## About this task
Whenever the word "increasing" appears on a line of the material below, that line is counted; state the total alone.

## Provided records
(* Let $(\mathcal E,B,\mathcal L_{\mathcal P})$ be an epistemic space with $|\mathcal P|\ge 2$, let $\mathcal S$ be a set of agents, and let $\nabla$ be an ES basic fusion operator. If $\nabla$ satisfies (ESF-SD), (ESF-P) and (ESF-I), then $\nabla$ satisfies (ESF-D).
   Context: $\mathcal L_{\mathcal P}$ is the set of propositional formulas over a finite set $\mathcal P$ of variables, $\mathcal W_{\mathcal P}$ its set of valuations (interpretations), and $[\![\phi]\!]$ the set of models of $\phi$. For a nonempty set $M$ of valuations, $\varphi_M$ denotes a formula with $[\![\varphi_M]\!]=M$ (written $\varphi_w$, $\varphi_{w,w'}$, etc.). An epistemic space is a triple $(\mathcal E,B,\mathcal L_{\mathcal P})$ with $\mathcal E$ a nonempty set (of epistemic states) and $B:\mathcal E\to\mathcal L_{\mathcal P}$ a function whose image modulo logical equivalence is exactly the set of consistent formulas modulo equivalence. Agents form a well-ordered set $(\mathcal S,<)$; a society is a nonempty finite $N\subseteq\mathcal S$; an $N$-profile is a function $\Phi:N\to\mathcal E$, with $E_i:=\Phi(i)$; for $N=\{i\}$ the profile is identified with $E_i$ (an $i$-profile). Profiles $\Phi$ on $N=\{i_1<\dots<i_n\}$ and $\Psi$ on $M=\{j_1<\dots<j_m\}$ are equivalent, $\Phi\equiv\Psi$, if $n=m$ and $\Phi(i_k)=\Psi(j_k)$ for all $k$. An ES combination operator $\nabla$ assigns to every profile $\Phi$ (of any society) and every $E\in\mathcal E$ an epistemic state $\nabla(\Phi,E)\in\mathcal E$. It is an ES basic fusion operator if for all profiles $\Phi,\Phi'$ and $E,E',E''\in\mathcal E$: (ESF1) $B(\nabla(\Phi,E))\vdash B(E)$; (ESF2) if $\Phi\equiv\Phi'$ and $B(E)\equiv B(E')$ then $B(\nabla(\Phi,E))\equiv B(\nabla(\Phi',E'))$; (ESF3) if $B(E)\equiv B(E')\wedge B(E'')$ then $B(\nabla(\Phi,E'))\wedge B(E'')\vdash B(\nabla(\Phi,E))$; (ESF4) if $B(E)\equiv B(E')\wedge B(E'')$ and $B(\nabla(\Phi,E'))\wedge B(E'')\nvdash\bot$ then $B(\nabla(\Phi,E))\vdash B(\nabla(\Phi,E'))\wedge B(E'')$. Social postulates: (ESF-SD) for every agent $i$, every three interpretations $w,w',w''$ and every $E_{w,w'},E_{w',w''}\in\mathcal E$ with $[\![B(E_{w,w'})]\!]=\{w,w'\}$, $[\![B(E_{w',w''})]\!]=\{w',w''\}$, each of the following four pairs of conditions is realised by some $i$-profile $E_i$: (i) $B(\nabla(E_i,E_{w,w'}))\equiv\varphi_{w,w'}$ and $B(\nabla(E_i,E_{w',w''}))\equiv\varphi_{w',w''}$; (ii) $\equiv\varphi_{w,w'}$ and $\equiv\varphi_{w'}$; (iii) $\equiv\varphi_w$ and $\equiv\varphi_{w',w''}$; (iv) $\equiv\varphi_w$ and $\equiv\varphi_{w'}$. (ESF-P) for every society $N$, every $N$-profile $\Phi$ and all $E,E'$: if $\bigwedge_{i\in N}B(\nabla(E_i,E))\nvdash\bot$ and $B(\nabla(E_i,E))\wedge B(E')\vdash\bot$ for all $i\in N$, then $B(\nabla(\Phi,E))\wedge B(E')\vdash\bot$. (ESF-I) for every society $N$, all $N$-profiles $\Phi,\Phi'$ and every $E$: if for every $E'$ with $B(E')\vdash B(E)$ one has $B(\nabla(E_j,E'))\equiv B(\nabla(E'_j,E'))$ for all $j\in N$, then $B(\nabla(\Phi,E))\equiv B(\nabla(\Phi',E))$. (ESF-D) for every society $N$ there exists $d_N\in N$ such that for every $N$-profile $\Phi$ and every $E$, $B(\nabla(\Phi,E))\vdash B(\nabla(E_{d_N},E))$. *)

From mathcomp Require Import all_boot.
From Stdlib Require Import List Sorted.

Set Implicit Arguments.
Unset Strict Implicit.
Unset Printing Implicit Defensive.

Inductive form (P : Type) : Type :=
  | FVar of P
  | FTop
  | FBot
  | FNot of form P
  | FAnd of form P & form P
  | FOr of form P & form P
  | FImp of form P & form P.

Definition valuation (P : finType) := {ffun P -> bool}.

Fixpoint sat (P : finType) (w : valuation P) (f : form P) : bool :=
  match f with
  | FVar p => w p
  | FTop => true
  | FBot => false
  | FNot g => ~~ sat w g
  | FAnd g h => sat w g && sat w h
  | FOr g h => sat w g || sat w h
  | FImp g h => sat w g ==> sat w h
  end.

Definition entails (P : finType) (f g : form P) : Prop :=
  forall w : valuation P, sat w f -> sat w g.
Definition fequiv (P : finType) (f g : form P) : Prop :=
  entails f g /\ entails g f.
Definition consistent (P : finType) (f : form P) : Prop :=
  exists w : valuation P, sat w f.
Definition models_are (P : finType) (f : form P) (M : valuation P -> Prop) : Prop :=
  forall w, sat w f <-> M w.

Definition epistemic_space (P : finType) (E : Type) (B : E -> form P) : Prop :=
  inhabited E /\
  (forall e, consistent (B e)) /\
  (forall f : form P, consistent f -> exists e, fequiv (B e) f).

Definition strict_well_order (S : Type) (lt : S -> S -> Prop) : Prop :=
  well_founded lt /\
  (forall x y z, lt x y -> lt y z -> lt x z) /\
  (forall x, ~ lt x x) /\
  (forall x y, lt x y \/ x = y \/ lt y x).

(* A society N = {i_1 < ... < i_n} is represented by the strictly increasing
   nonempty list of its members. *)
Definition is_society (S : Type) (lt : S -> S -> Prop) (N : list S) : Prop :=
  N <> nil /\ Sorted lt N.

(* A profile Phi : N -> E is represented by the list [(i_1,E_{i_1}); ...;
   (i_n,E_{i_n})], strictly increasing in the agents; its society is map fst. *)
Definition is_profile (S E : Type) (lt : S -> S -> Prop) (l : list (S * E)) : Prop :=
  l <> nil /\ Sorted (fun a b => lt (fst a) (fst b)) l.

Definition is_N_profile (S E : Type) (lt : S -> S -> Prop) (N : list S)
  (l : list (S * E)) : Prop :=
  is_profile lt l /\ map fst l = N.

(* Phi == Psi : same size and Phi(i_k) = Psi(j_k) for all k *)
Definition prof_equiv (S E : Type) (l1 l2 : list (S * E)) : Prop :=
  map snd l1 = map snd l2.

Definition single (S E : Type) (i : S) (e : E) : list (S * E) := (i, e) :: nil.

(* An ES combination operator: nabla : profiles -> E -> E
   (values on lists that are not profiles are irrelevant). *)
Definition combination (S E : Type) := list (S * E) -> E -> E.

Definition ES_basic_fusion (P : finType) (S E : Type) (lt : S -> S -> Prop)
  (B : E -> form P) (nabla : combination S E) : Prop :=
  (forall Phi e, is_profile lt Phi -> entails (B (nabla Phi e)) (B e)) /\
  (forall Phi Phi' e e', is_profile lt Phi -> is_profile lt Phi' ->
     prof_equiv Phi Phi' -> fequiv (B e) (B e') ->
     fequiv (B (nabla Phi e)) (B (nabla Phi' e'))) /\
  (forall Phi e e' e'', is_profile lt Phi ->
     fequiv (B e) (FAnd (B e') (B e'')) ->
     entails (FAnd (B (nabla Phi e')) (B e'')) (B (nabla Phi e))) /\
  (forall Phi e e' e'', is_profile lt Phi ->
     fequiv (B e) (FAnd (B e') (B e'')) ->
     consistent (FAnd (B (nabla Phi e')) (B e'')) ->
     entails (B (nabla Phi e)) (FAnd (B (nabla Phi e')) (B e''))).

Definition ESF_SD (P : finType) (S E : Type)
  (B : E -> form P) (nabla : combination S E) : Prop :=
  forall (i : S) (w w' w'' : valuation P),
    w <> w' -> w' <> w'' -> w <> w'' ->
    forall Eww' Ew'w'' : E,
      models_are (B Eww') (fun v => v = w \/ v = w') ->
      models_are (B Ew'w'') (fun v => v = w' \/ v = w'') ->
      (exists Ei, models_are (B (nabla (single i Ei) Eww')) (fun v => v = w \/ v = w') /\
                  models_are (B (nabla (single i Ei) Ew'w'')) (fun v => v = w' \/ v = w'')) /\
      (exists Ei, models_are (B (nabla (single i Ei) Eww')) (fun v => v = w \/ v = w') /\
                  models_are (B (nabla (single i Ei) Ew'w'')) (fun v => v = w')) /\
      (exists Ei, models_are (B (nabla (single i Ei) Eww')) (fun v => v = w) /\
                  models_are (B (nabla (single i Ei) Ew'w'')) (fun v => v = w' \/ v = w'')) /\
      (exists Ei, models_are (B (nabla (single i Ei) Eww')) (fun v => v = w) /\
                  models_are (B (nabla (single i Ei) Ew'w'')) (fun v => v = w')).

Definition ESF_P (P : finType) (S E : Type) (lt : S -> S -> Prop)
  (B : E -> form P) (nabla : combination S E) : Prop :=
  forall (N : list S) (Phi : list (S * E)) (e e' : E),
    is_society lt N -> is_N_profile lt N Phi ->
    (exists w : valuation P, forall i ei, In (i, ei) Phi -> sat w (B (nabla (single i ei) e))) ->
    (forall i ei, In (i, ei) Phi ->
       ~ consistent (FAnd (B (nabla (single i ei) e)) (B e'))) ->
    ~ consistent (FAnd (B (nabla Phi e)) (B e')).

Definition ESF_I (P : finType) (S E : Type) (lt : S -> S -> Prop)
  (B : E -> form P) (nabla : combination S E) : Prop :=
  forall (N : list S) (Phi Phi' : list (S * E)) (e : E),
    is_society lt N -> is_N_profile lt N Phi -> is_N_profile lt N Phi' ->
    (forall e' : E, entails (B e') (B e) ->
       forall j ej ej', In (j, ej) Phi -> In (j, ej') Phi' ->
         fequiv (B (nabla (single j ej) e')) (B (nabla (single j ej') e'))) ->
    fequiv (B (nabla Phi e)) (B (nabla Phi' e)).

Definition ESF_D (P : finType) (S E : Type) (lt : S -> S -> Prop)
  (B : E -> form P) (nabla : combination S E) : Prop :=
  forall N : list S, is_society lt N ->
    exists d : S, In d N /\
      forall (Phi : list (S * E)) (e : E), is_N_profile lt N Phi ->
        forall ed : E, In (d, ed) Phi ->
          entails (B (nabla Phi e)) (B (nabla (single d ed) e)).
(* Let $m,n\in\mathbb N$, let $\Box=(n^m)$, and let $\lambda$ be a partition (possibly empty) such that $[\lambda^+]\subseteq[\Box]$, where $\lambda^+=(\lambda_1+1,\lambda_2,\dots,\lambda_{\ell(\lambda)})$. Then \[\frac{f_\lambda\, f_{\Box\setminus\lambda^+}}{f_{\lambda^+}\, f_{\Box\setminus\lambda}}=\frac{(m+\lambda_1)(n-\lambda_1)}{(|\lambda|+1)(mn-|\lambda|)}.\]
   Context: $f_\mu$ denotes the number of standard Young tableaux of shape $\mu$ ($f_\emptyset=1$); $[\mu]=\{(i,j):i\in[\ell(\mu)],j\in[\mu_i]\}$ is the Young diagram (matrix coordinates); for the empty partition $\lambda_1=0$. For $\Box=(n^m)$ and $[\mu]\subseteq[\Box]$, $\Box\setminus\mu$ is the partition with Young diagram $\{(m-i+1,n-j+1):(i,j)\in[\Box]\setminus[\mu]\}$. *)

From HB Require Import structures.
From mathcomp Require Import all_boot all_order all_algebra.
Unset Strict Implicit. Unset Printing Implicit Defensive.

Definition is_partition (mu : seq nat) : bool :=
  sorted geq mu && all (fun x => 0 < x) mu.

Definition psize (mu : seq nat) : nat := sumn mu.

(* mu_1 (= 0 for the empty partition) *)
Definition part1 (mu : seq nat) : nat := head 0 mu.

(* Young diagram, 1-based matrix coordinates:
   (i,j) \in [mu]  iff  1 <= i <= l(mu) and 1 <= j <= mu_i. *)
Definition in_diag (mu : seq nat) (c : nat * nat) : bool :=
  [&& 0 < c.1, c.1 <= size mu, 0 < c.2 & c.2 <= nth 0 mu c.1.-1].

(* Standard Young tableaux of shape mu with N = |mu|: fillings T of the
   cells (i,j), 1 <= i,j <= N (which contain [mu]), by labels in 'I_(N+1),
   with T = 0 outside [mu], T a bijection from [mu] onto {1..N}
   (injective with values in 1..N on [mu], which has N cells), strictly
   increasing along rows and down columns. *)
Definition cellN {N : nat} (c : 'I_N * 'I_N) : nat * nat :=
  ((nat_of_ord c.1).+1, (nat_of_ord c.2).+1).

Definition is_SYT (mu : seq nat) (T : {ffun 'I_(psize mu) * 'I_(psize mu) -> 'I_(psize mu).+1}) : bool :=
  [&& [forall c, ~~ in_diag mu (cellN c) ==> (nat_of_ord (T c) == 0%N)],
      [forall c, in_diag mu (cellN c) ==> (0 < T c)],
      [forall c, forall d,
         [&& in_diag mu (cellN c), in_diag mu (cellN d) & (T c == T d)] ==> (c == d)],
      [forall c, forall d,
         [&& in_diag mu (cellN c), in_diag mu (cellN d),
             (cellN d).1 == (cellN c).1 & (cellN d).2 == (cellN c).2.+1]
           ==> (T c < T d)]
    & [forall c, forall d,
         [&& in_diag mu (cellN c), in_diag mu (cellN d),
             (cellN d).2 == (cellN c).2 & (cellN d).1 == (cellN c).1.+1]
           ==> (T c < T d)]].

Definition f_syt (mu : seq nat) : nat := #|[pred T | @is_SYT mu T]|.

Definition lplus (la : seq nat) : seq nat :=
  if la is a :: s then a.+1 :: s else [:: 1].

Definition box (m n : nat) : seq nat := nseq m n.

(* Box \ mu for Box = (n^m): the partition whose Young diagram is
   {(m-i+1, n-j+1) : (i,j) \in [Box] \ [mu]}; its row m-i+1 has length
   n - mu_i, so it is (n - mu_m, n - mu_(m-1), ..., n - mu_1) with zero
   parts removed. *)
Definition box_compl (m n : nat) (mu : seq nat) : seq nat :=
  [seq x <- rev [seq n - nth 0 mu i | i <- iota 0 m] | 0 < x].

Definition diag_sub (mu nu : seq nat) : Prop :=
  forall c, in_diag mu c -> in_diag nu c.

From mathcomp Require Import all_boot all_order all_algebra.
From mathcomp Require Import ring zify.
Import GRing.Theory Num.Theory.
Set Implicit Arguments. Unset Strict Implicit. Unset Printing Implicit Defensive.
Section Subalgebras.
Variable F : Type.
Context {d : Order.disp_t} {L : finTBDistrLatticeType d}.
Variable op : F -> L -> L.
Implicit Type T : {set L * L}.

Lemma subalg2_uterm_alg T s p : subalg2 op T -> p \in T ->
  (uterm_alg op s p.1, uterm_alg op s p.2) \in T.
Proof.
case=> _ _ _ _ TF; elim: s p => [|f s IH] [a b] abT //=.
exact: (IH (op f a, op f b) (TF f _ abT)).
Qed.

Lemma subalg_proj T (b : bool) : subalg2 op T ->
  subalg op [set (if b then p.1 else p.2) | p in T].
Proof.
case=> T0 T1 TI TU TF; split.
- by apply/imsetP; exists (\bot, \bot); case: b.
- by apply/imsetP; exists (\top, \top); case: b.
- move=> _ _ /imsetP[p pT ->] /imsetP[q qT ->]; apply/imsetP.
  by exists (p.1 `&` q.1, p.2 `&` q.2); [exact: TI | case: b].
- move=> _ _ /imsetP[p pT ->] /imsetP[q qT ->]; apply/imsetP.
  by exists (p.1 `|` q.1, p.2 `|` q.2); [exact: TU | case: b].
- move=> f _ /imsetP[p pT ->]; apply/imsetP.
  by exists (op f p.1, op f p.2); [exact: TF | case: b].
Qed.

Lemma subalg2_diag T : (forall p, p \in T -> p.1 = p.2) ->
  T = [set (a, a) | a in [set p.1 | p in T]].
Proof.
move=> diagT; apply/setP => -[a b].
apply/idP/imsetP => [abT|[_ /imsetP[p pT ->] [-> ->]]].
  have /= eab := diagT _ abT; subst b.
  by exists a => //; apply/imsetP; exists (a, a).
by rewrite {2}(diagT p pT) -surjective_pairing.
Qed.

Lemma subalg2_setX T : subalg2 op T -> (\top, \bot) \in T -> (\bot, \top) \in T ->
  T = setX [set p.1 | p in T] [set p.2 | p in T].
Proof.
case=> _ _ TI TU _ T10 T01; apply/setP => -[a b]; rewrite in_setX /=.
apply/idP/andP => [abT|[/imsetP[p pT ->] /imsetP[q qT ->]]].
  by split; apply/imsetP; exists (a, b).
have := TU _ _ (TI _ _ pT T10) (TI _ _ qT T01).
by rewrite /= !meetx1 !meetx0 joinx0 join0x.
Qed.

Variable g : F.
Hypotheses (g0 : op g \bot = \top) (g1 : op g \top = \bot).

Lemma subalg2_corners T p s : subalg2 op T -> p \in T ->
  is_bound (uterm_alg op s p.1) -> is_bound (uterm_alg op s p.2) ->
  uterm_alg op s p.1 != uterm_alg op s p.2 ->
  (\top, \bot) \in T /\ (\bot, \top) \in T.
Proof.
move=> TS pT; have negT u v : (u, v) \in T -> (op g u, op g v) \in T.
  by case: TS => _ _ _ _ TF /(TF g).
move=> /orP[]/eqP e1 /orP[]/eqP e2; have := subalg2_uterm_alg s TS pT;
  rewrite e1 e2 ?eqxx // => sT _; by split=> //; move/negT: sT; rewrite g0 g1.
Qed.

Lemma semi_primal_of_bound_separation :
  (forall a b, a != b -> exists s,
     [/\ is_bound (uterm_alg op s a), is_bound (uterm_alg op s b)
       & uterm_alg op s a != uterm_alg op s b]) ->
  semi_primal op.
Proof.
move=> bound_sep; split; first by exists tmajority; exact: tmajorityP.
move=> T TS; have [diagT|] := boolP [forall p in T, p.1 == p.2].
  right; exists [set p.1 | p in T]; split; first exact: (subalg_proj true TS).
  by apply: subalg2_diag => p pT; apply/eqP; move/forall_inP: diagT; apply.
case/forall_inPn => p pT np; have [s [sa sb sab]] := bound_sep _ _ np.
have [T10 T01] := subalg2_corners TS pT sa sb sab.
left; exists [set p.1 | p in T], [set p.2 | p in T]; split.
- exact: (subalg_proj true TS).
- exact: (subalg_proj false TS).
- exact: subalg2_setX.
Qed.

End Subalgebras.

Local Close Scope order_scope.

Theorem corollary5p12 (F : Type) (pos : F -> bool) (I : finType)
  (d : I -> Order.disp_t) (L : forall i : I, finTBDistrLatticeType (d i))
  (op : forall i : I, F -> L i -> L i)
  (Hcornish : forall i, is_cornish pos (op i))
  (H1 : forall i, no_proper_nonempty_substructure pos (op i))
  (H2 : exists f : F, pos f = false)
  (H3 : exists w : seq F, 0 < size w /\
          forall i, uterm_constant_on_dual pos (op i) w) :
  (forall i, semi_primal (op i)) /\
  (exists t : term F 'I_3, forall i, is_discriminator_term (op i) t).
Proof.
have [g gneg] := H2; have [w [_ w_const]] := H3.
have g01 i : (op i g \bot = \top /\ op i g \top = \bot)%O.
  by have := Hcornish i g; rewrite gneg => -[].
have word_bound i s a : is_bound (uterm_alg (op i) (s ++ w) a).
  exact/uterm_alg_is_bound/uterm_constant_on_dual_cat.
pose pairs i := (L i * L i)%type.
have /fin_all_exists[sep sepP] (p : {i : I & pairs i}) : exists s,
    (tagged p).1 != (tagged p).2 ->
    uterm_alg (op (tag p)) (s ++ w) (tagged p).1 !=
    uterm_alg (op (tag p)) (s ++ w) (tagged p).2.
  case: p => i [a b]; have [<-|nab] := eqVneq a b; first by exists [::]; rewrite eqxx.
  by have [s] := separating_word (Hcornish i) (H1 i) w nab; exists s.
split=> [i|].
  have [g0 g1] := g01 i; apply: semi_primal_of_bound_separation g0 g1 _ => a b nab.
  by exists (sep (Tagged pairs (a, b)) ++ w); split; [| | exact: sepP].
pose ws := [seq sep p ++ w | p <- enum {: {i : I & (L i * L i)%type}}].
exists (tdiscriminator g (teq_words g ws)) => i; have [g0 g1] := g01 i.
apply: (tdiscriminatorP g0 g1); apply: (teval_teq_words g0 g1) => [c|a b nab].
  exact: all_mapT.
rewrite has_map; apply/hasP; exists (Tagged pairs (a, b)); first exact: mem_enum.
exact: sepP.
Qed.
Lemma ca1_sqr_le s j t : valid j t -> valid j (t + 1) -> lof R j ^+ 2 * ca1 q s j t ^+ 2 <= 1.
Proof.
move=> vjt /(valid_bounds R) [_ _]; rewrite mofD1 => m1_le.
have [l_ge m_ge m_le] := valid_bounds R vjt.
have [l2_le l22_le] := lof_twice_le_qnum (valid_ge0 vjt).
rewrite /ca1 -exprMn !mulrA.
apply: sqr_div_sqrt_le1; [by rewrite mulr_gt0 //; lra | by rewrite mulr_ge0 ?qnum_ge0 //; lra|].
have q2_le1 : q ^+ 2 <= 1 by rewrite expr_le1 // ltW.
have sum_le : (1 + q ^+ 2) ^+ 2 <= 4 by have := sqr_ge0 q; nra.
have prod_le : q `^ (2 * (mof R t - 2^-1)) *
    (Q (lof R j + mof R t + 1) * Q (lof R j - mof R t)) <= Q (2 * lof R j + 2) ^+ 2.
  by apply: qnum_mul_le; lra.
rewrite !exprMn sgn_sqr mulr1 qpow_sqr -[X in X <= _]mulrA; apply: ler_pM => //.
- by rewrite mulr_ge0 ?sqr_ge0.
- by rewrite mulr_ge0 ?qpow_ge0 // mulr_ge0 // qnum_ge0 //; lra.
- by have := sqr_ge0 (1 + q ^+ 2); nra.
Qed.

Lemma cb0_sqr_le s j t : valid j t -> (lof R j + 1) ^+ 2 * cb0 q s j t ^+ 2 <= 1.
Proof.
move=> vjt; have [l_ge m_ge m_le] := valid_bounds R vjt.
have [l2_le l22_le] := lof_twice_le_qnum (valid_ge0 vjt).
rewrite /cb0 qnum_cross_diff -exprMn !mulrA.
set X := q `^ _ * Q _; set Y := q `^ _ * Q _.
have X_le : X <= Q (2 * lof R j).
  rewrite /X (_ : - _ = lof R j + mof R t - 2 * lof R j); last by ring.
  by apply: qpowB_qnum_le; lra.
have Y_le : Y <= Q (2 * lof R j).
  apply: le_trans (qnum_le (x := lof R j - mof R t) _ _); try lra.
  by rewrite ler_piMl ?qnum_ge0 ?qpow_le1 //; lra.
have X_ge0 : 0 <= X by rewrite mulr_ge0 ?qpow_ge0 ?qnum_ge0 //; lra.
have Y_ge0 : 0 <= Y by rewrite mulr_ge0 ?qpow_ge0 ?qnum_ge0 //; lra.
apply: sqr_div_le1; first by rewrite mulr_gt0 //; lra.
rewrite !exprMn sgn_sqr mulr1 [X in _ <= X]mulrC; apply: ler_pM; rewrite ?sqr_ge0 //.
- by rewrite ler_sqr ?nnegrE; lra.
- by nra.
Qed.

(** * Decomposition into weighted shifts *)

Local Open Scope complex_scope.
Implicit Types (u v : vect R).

## Expected answer
3